From the opening Shaky Kane pages, you can see that this is going to be an idiosyncratic comic. It’s one of those books where you know when you first set eyes on it whether you’re going to like it or not. Kane’s clean lines create an almost mundane-looking story until you look closely at it and realize that in that mundanity is something rather fantastic. It’s the Fantastic Four as if it was created to be some kind of mumblecore navel-gazing meditation on work and boring life. And then you get to Able’s pages, the maddening adventures possibly imagined by Graham Ingles if he had moved to DC Comics to do their Batman comics in the 1950s. Playing into those influences, this book finds a nostalgia for comics that never really existed, although how cool would it have been if they had.
Art by Shaky Kane
This ties into Kane’s second story where that sketch is found in the floorboards of an old, dilapidated house. You could probably call that house haunted as its labyrinths induce a madness in anyone who walks through its doors. Kane’s stories are a bit inexplicable, more stream-of-consciousness reading experience than a rigidly plotted comic. And looping in Jack Kirby to this fever dream creates Kane’s own ouroboros of thoughts and ideas. So let’s return to the question of what came first, the superheroes or Jack Kirby? The answer may seem obvious but when you look at all of the influences Kirby pulled from throughout his career, there’s almost a possibility that Kirby was pulling these characters from some mythological source of ideas.
“Jack Kirby, our first question is where do your ideas come from?” the hypothetical interviewer asks. Kirby just looks to the sky and said “There.” While Kirby was probably asked that question over and over, he probably had a more canned and less wistful answer than that. But with Kirby as the stand-in for Kane and for the Artist (capital “A”,) Kane is plumbing some personal depths, trying to figure out what comics and their creators mean to him? And by extension, what does he mean to everyone reading his comics? But he’s using a personal iconography where we may recognize some elements of his symbolism but don’t have the experiences that Kane has to be able to link everything together. His two comics in this book are quite dizzying.
Art by Krent Able
Art by Krent Able
Proposing a mainstream created by outlaws, Black Fur and Creepzone feel like jokes where the teller doesn’t understand that they’re telling jokes. There’s an earnestness to Able’s stories that make you long for a comic that has never existed before they set pen to paper. It’s a wonderful trick that Able pulls off, simultaneously homaging and lampooning what comics were and what they could be. Able’s work may not be a narratively acrobatic as Kane’s is but once you realize what Able is doing, you can see that what he’s doing is just as innovatively meta as Kane’s but just operating on a slightly different plane.

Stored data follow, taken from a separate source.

Lemma geometric_cauchy_limit (u : nat -> R) (c t : R) : 0 <= c -> 0 < t < 1 ->
  (forall n, `|u n.+1 - u n| <= c * t ^+ n) ->
  exists l, forall n, `|l - u n| <= c * t ^+ n / (1 - t).
Proof.
move=> c0 /andP[t0 t1] du.
pose e n := c * t ^+ n / (1 - t).
have e0 n : 0 <= e n.
  by rewrite /e divr_ge0 ?mulr_ge0 ?exprn_ge0 ?subr_ge0 ?(ltW t0) ?(ltW t1).
have eS n : e n - e n.+1 = c * t ^+ n.
  by rewrite /e exprS; field; rewrite subr_eq0 gt_eqF.
(* The limit is the supremum of the nondecreasing lower envelope [lo],
   which every term of the nonincreasing upper envelope [hi] bounds. *)
pose lo n := u n - e n; pose hi n := u n + e n.
have lo_mono : {homo lo : m n / (m <= n)%N >-> m <= n}.
  apply: homo_leq => [//|? ? ?|n]; first exact: le_trans.
  by have := du n; have := eS n; rewrite /lo ler_norml => ? /andP[]; lra.
have hi_mono : {homo hi : m n / (m <= n)%N >-> n <= m}.
  apply: homo_leq => [//|y x z xy zy|n]; first exact: le_trans zy xy.
  by have := du n; have := eS n; rewrite /hi ler_norml => ? /andP[]; lra.
have lo_hi k n : lo k <= hi n.
  have [kn|/ltnW nk] := leqP k n.
    by apply: le_trans (lo_mono _ _ kn) _; rewrite /lo /hi; have := e0 n; lra.
  by apply: le_trans (hi_mono _ _ nk); rewrite /lo /hi; have := e0 k; lra.
have hi_ub n : ubound (range lo) (hi n) by move=> _ [k _ <-]; exact: lo_hi.
exists (sup (range lo)) => n; rewrite ler_norml.
have : lo n <= sup (range lo) by apply: ub_le_sup; [exists (hi 0%N) | exists n].
have : sup (range lo) <= hi n by apply: ge_sup; [exists (lo 0%N), 0%N | ].
by rewrite /lo /hi /e; lra.
Qed.

Lemma le_of_le_add_halfn (a b c : R) : (forall n, a <= b + c / 2 ^+ n) -> a <= b.
Proof.
move=> hab; rewrite leNgt; apply/negP => ba.
have [c0|c_gt0] := lerP c 0; first by have := hab 0%N; rewrite expr0 divr1; lra.
have ab0 : 0 < a - b by rewrite subr_gt0.
pose N := Num.bound (c / (a - b)).
have hN : c / (a - b) < N%:R by apply: archi_boundP; rewrite divr_ge0 // ltW.
have N2N : N%:R < 2 ^+ N :> R by rewrite -natrX ltr_nat ltn_expl.
have : c / 2 ^+ N < a - b.
  rewrite ltr_pdivrMr ?exprn_gt0 //.
  move: hN; rewrite ltr_pdivrMr // => /lt_trans; apply.
  by rewrite mulrC ltr_pM2l.
by have := hab N; lra.
Qed.

Lemma sum_halfn (c : R) n : \sum_(k < n) c / 2 ^+ k = 2 * c - 2 * c / 2 ^+ n.
Proof.
elim: n => [|n IH]; first by rewrite big_ord0 expr0 divr1 subrr.
by rewrite big_ord_recr /= IH exprS; field; rewrite expf_neq0 ?pnatr_eq0.
Qed.

End GeometricBounds.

Kane & Able is a comic about comics. It’s as simple as that. Comic books are wonderful and this comic is about that wonderfulness. But Kane and Able are also wondering what comics could have been? With a little nudge and poke to throw them even just slightly off of their stable axis, what kind of magic could be found in those four-color pages. Coming at that question from different directions, one more meta and one more genre leaning, the two of them create a longing for a mainstream that’s more outlaw and more out there than what we have today. They provide a roadmap for the aspiring young cartoonist who’s bored with what they see on the comic racks and yet yearn to inject new energy into the comics that they love.